### Input ###

Lemma two_star_packings_extend A P A' a : P \subset A -> A' \subset A :\: P ->
  A :&: S \subset P :|: A' -> clean_star P ->
  (forall w v, w \in A' -> v \in P -> e w v -> w = a) ->
  two_star_packings A' -> two_star_packings A.
Proof.
move=> PA A'AP SPA' sP attach [F1 [F2 [F1A' F2A' F12 [pF1 pF2] cnt]]].
wlog aF1 : F1 F2 F1A' F2A' F12 pF1 pF2 cnt / a \notin F1.
  move=> wlog; case: (boolP (a \in F1)) => aF1; last exact: (wlog F1 F2).
  apply: (wlog F2 F1); rewrite 1?disjoint_sym 1?addnC ?(disjointFr F12 aF1) //.
have A'A : A' \subset A := subset_trans A'AP (subsetDl A P).
have FP F : F \subset A' -> [disjoint F & P].
  by move=> FA'; rewrite disjoints_subset (subset_trans FA') // (subset_trans A'AP) // setDE subsetIr.
have cntA : #|A :&: S| <= #|P :&: S| + #|A' :&: S|.
  apply: leq_trans (leq_card_setU _ _); apply: subset_leq_card.
  by rewrite -setIUl subsetI SPA' subsetIr.
have cntF1P : #|(F1 :|: P) :&: S| = #|F1 :&: S| + #|P :&: S|.
  have F1P_S : [disjoint F1 :&: S & P :&: S].
    exact: disjointW (subsetIl _ _) (subsetIl _ _) (FP F1 F1A').
  by rewrite setIUl cardsU (disjoint_setI0 F1P_S) cards0 subn0.
exists (F1 :|: P), F2; split.
- by rewrite subUset PA (subset_trans F1A' A'A).
- exact: subset_trans F2A' A'A.
- by rewrite disjoints_subset subUset -!disjoints_subset F12 disjoint_sym FP.
- split=> //; apply: star_packingU => // x y xF1 yP; apply/negP => exy.
  by move: aF1; rewrite -(attach x y (subsetP F1A' x xF1) yP exy) xF1.
- rewrite cntF1P; lia.
Qed.

Lemma reduce_component A c : admissible A -> c \in A ->
  {in gcomp (erestr e A) c, forall v, v != c -> ~~ heavy A v} ->
  (forall A', #|A'| < #|A| -> admissible A' -> two_star_packings A') ->
  two_star_packings A.
Proof.
move=> admA cA lightC IH; set C := gcomp (erestr e A) c.
have cC : c \in C by rewrite inE connect0.
have CA : C \subset A := gcomp_erestr_sub e cA.
have nbrsC v : v \in C -> nbrs C v = nbrs A v.
  move=> vC; apply/setP => y; rewrite !in_nbrs; apply/andP/andP => [[yC evy] | [yA evy]].
    by rewrite (subsetP CA y yC).
  by rewrite (gcomp_erestr_nbr cA vC yA evy).
have outC w v : w \in A :\: C -> v \in C -> ~~ e w v.
  rewrite in_setD => /andP [wC wA] vC; apply: contra wC; rewrite esym.
  exact: gcomp_erestr_nbr cA vC wA.
have nbrs_rest w : w \in A :\: C -> nbrs (A :\: C) w = nbrs A w.
  move=> wA'; apply/setP => y; rewrite !in_nbrs in_setD.
  by case: (boolP (y \in C)) => yC //=; rewrite (negbTE (outC w y wA' yC)) andbF.
apply: (@two_star_packings_extend A C (A :\: C) c) => //.
- apply/subsetP => x; rewrite in_setI in_setU in_setD => /andP [xA _].
  by rewrite xA andbT orbN.
- apply: (@admissible_clean_star C c) => //.
  + by move=> v vC; rewrite nbrsC //; apply: admA (subsetP CA v vC).
  + by move=> x y; apply: gcomp_connected.
  + by move=> v vC vc; rewrite (heavy_nbrs_eq (nbrsC v vC)) lightC.
- by move=> w v wA' vC ewv; case/negP: (outC w v wA' vC).
- apply: IH; first exact: card_setD_lt cA cC.
  move=> w wA'; rewrite nbrs_rest //; apply: admA.
  by move: wA'; rewrite in_setD => /andP [].
Qed.

Section Branch.
Variables (A : {set T}) (c z : T) (D : seq T).
Hypotheses (admA : admissible A) (heavy_c : heavy A c) (heavy_z : heavy A z).
Hypotheses (cDz : upath A c (rcons D z)) (lightD : ~~ has (heavy A) D).
Let y := head z D.
Let P := gcomp (erestr e (A :\ y)) c.
Hypothesis lightP : {in P, forall v, v != c -> ~~ heavy A v}.
Let R := P :|: [set w in D].

Let Dz_split : rcons D z = y :: behead (rcons D z).
Proof. by rewrite /y; case: (D). Qed.

Let cyq : upath A c (y :: behead (rcons D z)).
Proof. by rewrite -Dz_split. Qed.

Let cA : c \in A. Proof. by case/and3P: cDz. Qed.
Let cAy : c \in A :\ y. Proof. exact: upath_head_setD1 cyq. Qed.
Let ecy : e c y. Proof. by case/and3P: cyq => _ _ /andP [/and3P []]. Qed.
Let cP : c \in P. Proof. by rewrite in_gcomp connect0. Qed.
Let PAy : P \subset A :\ y. Proof. exact: gcomp_erestr_sub. Qed.
Let PA : P \subset A. Proof. exact: subset_trans PAy (subsetDl _ _). Qed.

Let off_P w : w \in rcons D z -> w \notin P.
Proof.
rewrite Dz_split => wDz; have := path_off_branch esym efor cyq wDz.
by rewrite inE.
Qed.

Let P_attach a b : a \in P -> b \in A -> e a b -> (b \in P) || (b == y).
Proof.
move=> aP bA eab; case: eqP => [_ | /eqP by_]; rewrite ?orbT ?orbF //.
by apply: gcomp_erestr_nbr cAy aP _ eab; rewrite in_setD1 by_ bA.
Qed.

Let nbrsP v : v \in P -> v != c -> nbrs P v = nbrs A v.
Proof.
move=> vP vc; apply/setP => b; rewrite !in_nbrs; apply/andP/andP => [[bP evb] | [bA evb]].
  by rewrite (subsetP PA b bP).
split=> //; case/orP: (P_attach vP bA evb) => // /eqP eby.
have eyc : e y c by rewrite esym.
have eyv : e y v by rewrite esym -eby.
have cv : c != v by rewrite eq_sym.
by move: (nbrs_disconnected esym efor A eyc eyv cv); rewrite -in_gcomp vP.
Qed.

Let nbrs_c : #|nbrs A c| <= #|nbrs P c| + 1.
Proof.
rewrite -(cards1 y); apply: leq_trans (leq_card_setU _ _); apply: subset_leq_card.
apply/subsetP => b; rewrite in_setU in_set1 !in_nbrs => /andP [bA ecb].
by case/orP: (P_attach cP bA ecb) => [-> | ->]; rewrite ?ecb ?orbT.
Qed.

Let branch_clean_star : clean_star P.
Proof.
apply: (@admissible_clean_star P c) => //.
- move=> v vP; have [-> | vc] := eqVneq v c; first exact: heavy_lose_one_nbr heavy_c nbrs_c.
  by rewrite nbrsP //; apply: admA (subsetP PA v vP).
- by move=> v v'; apply: gcomp_connected.
- by move=> v vP vc; rewrite (heavy_nbrs_eq (nbrsP vP vc)) lightP.
Qed.

Let chain_nbrs d : d \in D -> d \notin S /\ {subset nbrs A d <= c :: rcons D z}.
Proof.
move=> dD; have lightd : ~~ heavy A d by apply: (hasPn lightD).
have [D1 [D2 ED]] : exists D1 D2, D = D1 ++ d :: D2.
  by case/splitPr: dD => D1 D2; exists D1, D2.
have Ez : rcons D z = D1 ++ d :: rcons D2 z by rewrite ED rcons_cat.
have bD2 : head z D2 \in rcons D2 z by case: (D2) => [|b D2']; rewrite /= mem_head.
case/and3P: cDz => _; rewrite Ez -cat_cons cat_uniq cat_path.
case/and3P=> _ disj _ /andP [_ /= /andP [/and3P [ead aA _] pd]].
have /and3P [edb _ bA] : erestr e A d (head z D2) by case: (D2) pd => [|b D2'] /andP [].
have ab : last c D1 != head z D2.
  by apply: contraTneq (mem_last c D1) => ->; apply: (hasPn disj); rewrite inE bD2 orbT.
have aN : last c D1 \in nbrs A d by rewrite in_nbrs aA esym.
have bN : head z D2 \in nbrs A d by rewrite in_nbrs bA.
have [Enb dS] := light_two_nbrs lightd aN bN ab.
split=> // w; rewrite Enb in_set2 => /orP [] /eqP ->.
  by rewrite -cat_cons mem_cat mem_last.
by rewrite inE mem_cat inE bD2 !orbT.
Qed.

Let zP : z \notin P.
Proof. by apply: off_P; rewrite mem_rcons mem_head. Qed.

Let connect_R w : w \in R -> connect (erestr e (A :\ z)) c w.
Proof.
rewrite in_setU => /orP [wP | ].
  apply: connect_erestrS (connect_gcomp wP); apply/subsetP => v vP.
  by rewrite in_setD1 (subsetP PA v vP) andbT; apply: contraNneq zP => <-.
rewrite inE => wD; case/and3P: cDz => _; rewrite -rcons_cons rcons_uniq rcons_path.
case/andP=> zcD _ /andP [pD _]; apply: (path_connect (path_erestr pD _)); last first.
  by rewrite inE wD orbT.
move=> v vcD; rewrite in_setD1; apply/andP; split; first by apply: contraNneq zcD => <-.
by move: vcD; rewrite inE => /orP [/eqP -> // | /(mem_path_erestr pD)].
Qed.

Let nbrs_z_R : #|nbrs A z :&: R| <= 1.
Proof.
apply/card_le1_eqP => a b; rewrite !in_setI !in_nbrs.
move=> /andP [/andP [_ eza] aR] /andP [/andP [_ ezb] bR].
have [// | ab] := eqVneq a b; case/negP: (nbrs_disconnected esym efor A eza ezb ab).
by apply: connect_trans (connect_R bR); rewrite connect_erestr_sym // connect_R.
Qed.

Let edge_to_R w b : w \in A :\: R -> b \in R -> e w b -> w = z.
Proof.
rewrite in_setD in_setU negb_or => /andP [/andP [wP wD] wA].
rewrite in_setU => /orP [bP | bD] ewb.
  have /orP [|/eqP wy] := P_attach bP wA (etrans (esym b w) ewb).
    by rewrite (negbTE wP).
  by move: wD; rewrite wy /y; case: (D) => [|d D'] //; rewrite !inE eqxx.
rewrite inE in bD; have := (chain_nbrs bD).2 w; rewrite in_nbrs wA esym ewb.
move=> /(_ isT); rewrite inE mem_rcons inE => /or3P [/eqP wc | /eqP -> // | wD'].
  by move: wP; rewrite wc cP.
by move: wD; rewrite inE wD'.
Qed.

Let rest_admissible : admissible (A :\: R).
Proof.
move=> w wA'; have wA : w \in A by move: wA'; rewrite in_setD => /andP [].
have [-> | wz] := eqVneq w z.
  apply: heavy_lose_one_nbr heavy_z _.
  apply: leq_trans (_ : _ <= #|nbrs (A :\: R) z :|: (nbrs A z :&: R)|) _.
    apply: subset_leq_card; apply/subsetP => b bN.
    rewrite in_setU in_setI bN /= in_nbrs in_setD.
    by case: (b \in R); rewrite //= orbF -in_nbrs.
  by apply: leq_trans (leq_card_setU _ _) _; rewrite leq_add2l nbrs_z_R.
suff -> : nbrs (A :\: R) w = nbrs A w by apply: admA.
apply/setP => b; rewrite !in_nbrs in_setD; case: (boolP (b \in R)) => bR //=.
case: (boolP (e w b)) => ewb; last by rewrite andbF.
by rewrite (edge_to_R wA' bR ewb) eqxx in wz.
Qed.

Let S_cover : A :&: S \subset P :|: (A :\: R).
Proof.
apply/subsetP => w; rewrite /R in_setI in_setU !in_setD in_setU negb_or => /andP [wA wS].
rewrite wA andbT; case: (w \in P) => //=; rewrite inE.
by apply: contraTN wS => wD; apply: (chain_nbrs wD).1.
Qed.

###

Problem to solve:
From the listing above, work out the number of lines that contain "eqxx" and give only that.

Answer to this exercise:
2